In some alternative embodiments, the structural model of the satellite component layout is built in the following way:

setting a satellite component layout as a square area, dividing the square area into n ₁ ×n ₁ A grid, wherein one of the four edges of the square region is provided with a small hole with a set length as a heat dissipation hole, and the temperature of the heat dissipation hole region is constant and is T ₀ ；

The satellite assemblies are set to be in a square structure, one satellite assembly can be placed on one grid position, and different satellite assemblies are placed on different grid positions according to the specific position of each satellite assembly in the satellite assembly layout.

In some optional embodiments, the generating a plurality of first training data and a plurality of second training data comprises:

randomly selecting a plurality of grids in the square area, placing satellite components on the selected grids to obtain a satellite component layout, and repeating the random generation process for multiple times to obtain N first training data comprising the satellite component layout;

randomly selecting a plurality of grids in the square area, placing satellite components on the selected grids to obtain a satellite component layout, repeating the random generation process for multiple times to obtain M satellite component layouts, determining a temperature field corresponding to each satellite component layout, and acquiring M second training data including the satellite component layouts and the temperature fields corresponding to the satellite component layouts, wherein N and M are positive integers, and N is greater than M.

In some optional embodiments, the generating a plurality of first training data and a plurality of second training data further comprises: normalizing the temperature field data in the second training data to map the temperature field to a [0,1] interval.

In some optional embodiments, the building the teacher-student depth proxy model comprises:

two different depth proxy models are selected as a teacher model and a student model respectively.

In some optional embodiments, the teacher model employs one of a feature pyramid network model and a word sense segmentation network model, and the student model employs the other of the two models.

In some optional embodiments, an L1 norm loss function is adopted as a loss function of the teacher model and the student model during training.

In some optional embodiments, the training a student model by using the first training data and the temperature field and the second training data corresponding to the first training data includes:

and firstly, training the student model by using the first training data and the temperature field corresponding to the first training data, and then training the student model by using the second training data through a Fine-tune technology.

In some optional embodiments, the method further comprises:

taking the trained student model as a trained teacher model, taking the untrained teacher model as an untrained student model, predicting the temperature field corresponding to the satellite component layout in the first training data again, and training the student model again;

and repeating the interchange training process of the student model and the teacher model for multiple times until the prediction precision of the trained student model reaches a set requirement, or the interchange times of the student model and the teacher model reaches a preset threshold value.

In some optional embodiments, the method further comprises:

generating a plurality of test data, wherein the test data comprises a satellite component layout and a temperature field corresponding to the satellite component layout;

and evaluating the prediction accuracy of the trained student model by using a plurality of test data.

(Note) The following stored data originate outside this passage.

Lemma martinK_anc q y : T q -> T y -> anc q y -> K q y = C q.
Proof.
move=> hq hy [j hj]; have [_ ly] := tree_desc hj hq.
rewrite /martinK (green_anc hq hj) (green_anc (@tree_iter x0 0 erefl) (iter_nlev hy)) /=.
rewrite ly addnC /Wprod big_split_ord /=.
under [X in _ / (_ * X)]eq_bigr => i _ do rewrite addnC iterD hj.
rewrite invfM mulrA mulfV ?mul1r //.
by apply/lt0r_neq0/(Wprod_gt0 hy); rewrite ly leq_addl.
Qed.

Lemma martinK_nanc q y : T q -> ~ anc q y -> K q y = 0.
Proof. by move=> hq na; rewrite /martinK green_nanc ?mul0r. Qed.

Lemma martinK_C_or_0 q y : T q -> T y -> K q y = C q \/ K q y = 0.
Proof.
move=> hq hy; have [h|h] := pselect (anc q y).
  by left; exact: martinK_anc.
by right; exact: martinK_nanc.
Qed.

(** * The metric rho *)

Definition rho_term (q x y : X) :=
  D q * (`|K q x - K q y| + `|kron q x - kron q y|) / (C q + 1).

Lemma rho_term_ge0 q x y : T q -> 0 <= rho_term q x y.
Proof.
move=> hq; rewrite /rho_term divr_ge0 ?mulr_ge0 ?addr_ge0 //.
  exact: ltW (D_gt0 hq).
exact: ltW (Ccoef_gt0 hq).
Qed.

Lemma rho_term_le q x y : T q -> T x -> T y -> rho_term q x y <= D q.
Proof.
move=> hq hx hy; have c0 := Ccoef_gt0 hq.
rewrite /rho_term ler_pdivrMr ?addr_gt0 //; apply: ler_wpM2l; first exact: ltW (D_gt0 hq).
apply: lerD.
  by case: (martinK_C_or_0 hq hx) => ->; case: (martinK_C_or_0 hq hy) => ->;
    rewrite ?subrr ?normr0 ?subr0 ?sub0r ?normrN ?gtr0_norm // ltW.
by rewrite /kron; case: (q == x); case: (q == y);
  rewrite ?subrr ?normr0 ?subr0 ?sub0r ?normrN ?normr1.
Qed.

Lemma rho_esum x y : T x -> T y -> (rho x y)%:E = \esum_(q in T) (rho_term q x y)%:E.
Proof.
move=> hx hy; rewrite /Defs.rho fineK // ge0_fin_numE; last first.
  by apply: esum_ge0 => q hq; rewrite lee_fin rho_term_ge0.
apply: le_lt_trans D_summable; apply: le_esum => q hq.
by rewrite lee_fin rho_term_le.
Qed.

Lemma rho_ge0 x y : 0 <= rho x y.
Proof.
by rewrite /Defs.rho fine_ge0 // esum_ge0 // => q hq; rewrite lee_fin rho_term_ge0.
Qed.

Lemma rho_sym x y : rho x y = rho y x.
Proof.
rewrite /Defs.rho; congr fine; apply: eq_esum => q _.
by rewrite (distrC (K q x)) (distrC (kron q x)).
Qed.

Lemma rho_xx x : rho x x = 0.
Proof.
rewrite /Defs.rho esum1 // => q _.
by rewrite !subrr normr0 addr0 mulr0 mul0r.
Qed.

Lemma rho_triangle x y z : T x -> T y -> T z -> rho x z <= rho x y + rho y z.
Proof.
move=> hx hy hz; rewrite -lee_fin EFinD !rho_esum // -esumD; last 2 first.
- by move=> q hq; rewrite lee_fin rho_term_ge0.
- by move=> q hq; rewrite lee_fin rho_term_ge0.
apply: le_esum => q hq; have c0 := Ccoef_gt0 hq.
rewrite -EFinD lee_fin /rho_term -mulrDl ler_pM2r ?invr_gt0 ?addr_gt0 //.
rewrite -mulrDr; apply: ler_wpM2l; first exact: ltW (D_gt0 hq).
by rewrite addrACA; apply: lerD; exact: ler_distD.
Qed.

Lemma rho_quad a b c d : T a -> T b -> T c -> T d ->
  `|rho a b - rho c d| <= rho a c + rho b d.
Proof.
move=> ta tb tc td.
have := rho_triangle ta tc tb; have := rho_triangle tc td tb.
have := rho_triangle tc ta td; have := rho_triangle ta tb td.
rewrite (rho_sym d b) (rho_sym c a) ler_norml; lra.
Qed.

Definition sep q := D q * C q / (C q + 1).

Lemma sep_gt0 q : T q -> 0 < sep q.
Proof.
by move=> hq; have c0 := Ccoef_gt0 hq; rewrite /sep divr_gt0 ?mulr_gt0 ?addr_gt0 ?D_gt0.
Qed.

(* K q x != K q y exactly when q is an ancestor of only one of x, y. *)
Lemma sep_le_rho q x y : T q -> T x -> T y -> K q x != K q y -> sep q <= rho x y.
Proof.
move=> hq hx hy hK; have c0 := Ccoef_gt0 hq.
apply: (@le_trans _ _ (rho_term q x y)).
  rewrite /sep /rho_term ler_pM2r ?invr_gt0 ?addr_gt0 // ler_pM2l ?D_gt0 //.
  suff -> : `|K q x - K q y| = C q by rewrite lerDl.
  by move: hK; case: (martinK_C_or_0 hq hx) => ->; case: (martinK_C_or_0 hq hy) => ->;
    rewrite ?eqxx // ?subr0 ?sub0r ?normrN ?gtr0_norm.
rewrite -lee_fin rho_esum //; apply: esum_ge; exists [set q].
  by split; [exact: finite_set1|move=> z ->].
by rewrite fsbig_set1.
Qed.

Definition Dtail N q := if (N <= lev q)%N then D q else 0.

Lemma Dtail_small e : 0 < e -> exists N, (\esum_(q in T) (Dtail N q)%:E < e%:E)%E.
Proof.
apply: (esum_tail_lt lev _ D_summable) => q hq; exact: ltW (D_gt0 hq).
Qed.

Lemma rho_le_Dtail N x y : T x -> T y ->
  (forall q, T q -> (lev q < N)%N -> rho_term q x y = 0) ->
  ((rho x y)%:E <= \esum_(q in T) (Dtail N q)%:E)%E.
Proof.
move=> hx hy low0; rewrite rho_esum //; apply: le_esum => q hq; rewrite lee_fin /Dtail.
by case: ltnP => hl; [rewrite low0|rewrite rho_term_le].
Qed.

(** * Paths in Omega *)

Lemma Omega_iter w j n : Om w -> iter j r (w (j + n)%N) = w n.
Proof. by move=> [_ hw]; elim: j => [|j IH] //; rewrite iterSr addSn hw. Qed.

Lemma Omega_tree w n : Om w -> T (w n) /\ lev (w n) = n.
Proof.
move=> hw; have e : iter n r (w n) = x0.
  by rewrite -[in w n](addn0 n) Omega_iter //; case: hw.
by split; [exact: tree_iter e|exact: nlev_iter e].
Qed.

The technical scheme of the invention has the following main advantages:

according to the satellite component temperature field prediction method based on the teacher-student agent model, the teacher-student deep agent model is constructed, the teacher model is used for guiding the training of the student model, a large number of training samples without marks and a small number of training samples with marks can be used for realizing the effective training of the deep agent model, the accurate prediction of the satellite component layout temperature field is realized, the calculation resources can be saved, the calculation workload is reduced, the design cost is reduced, and the design period is shortened.

Drawings

In order to more clearly illustrate the embodiments of the present invention or the technical solutions in the prior art, the drawings used in the description of the embodiments or the prior art will be briefly described below, it is obvious that the drawings in the following description are only some embodiments of the present invention, and for those skilled in the art, other drawings can be obtained according to the drawings without creative efforts.

FIG. 1 is a flowchart of a satellite component temperature field prediction method based on a teacher-student proxy model according to an embodiment of the present invention;

fig. 2 is a schematic diagram of a structural model of a satellite component layout according to an embodiment of the invention.

Detailed Description

In order to make the objects, technical solutions and advantages of the present invention more apparent, the technical solutions of the present invention will be clearly and completely described below with reference to the specific embodiments of the present invention and the accompanying drawings. It is to be understood that the described embodiments are merely a few embodiments of the invention, and not all embodiments. All other embodiments, which can be derived by a person skilled in the art from the embodiments of the present invention without making any creative effort, shall fall within the protection scope of the present invention.

The technical scheme provided by the embodiment of the invention is described in detail below with reference to the accompanying drawings.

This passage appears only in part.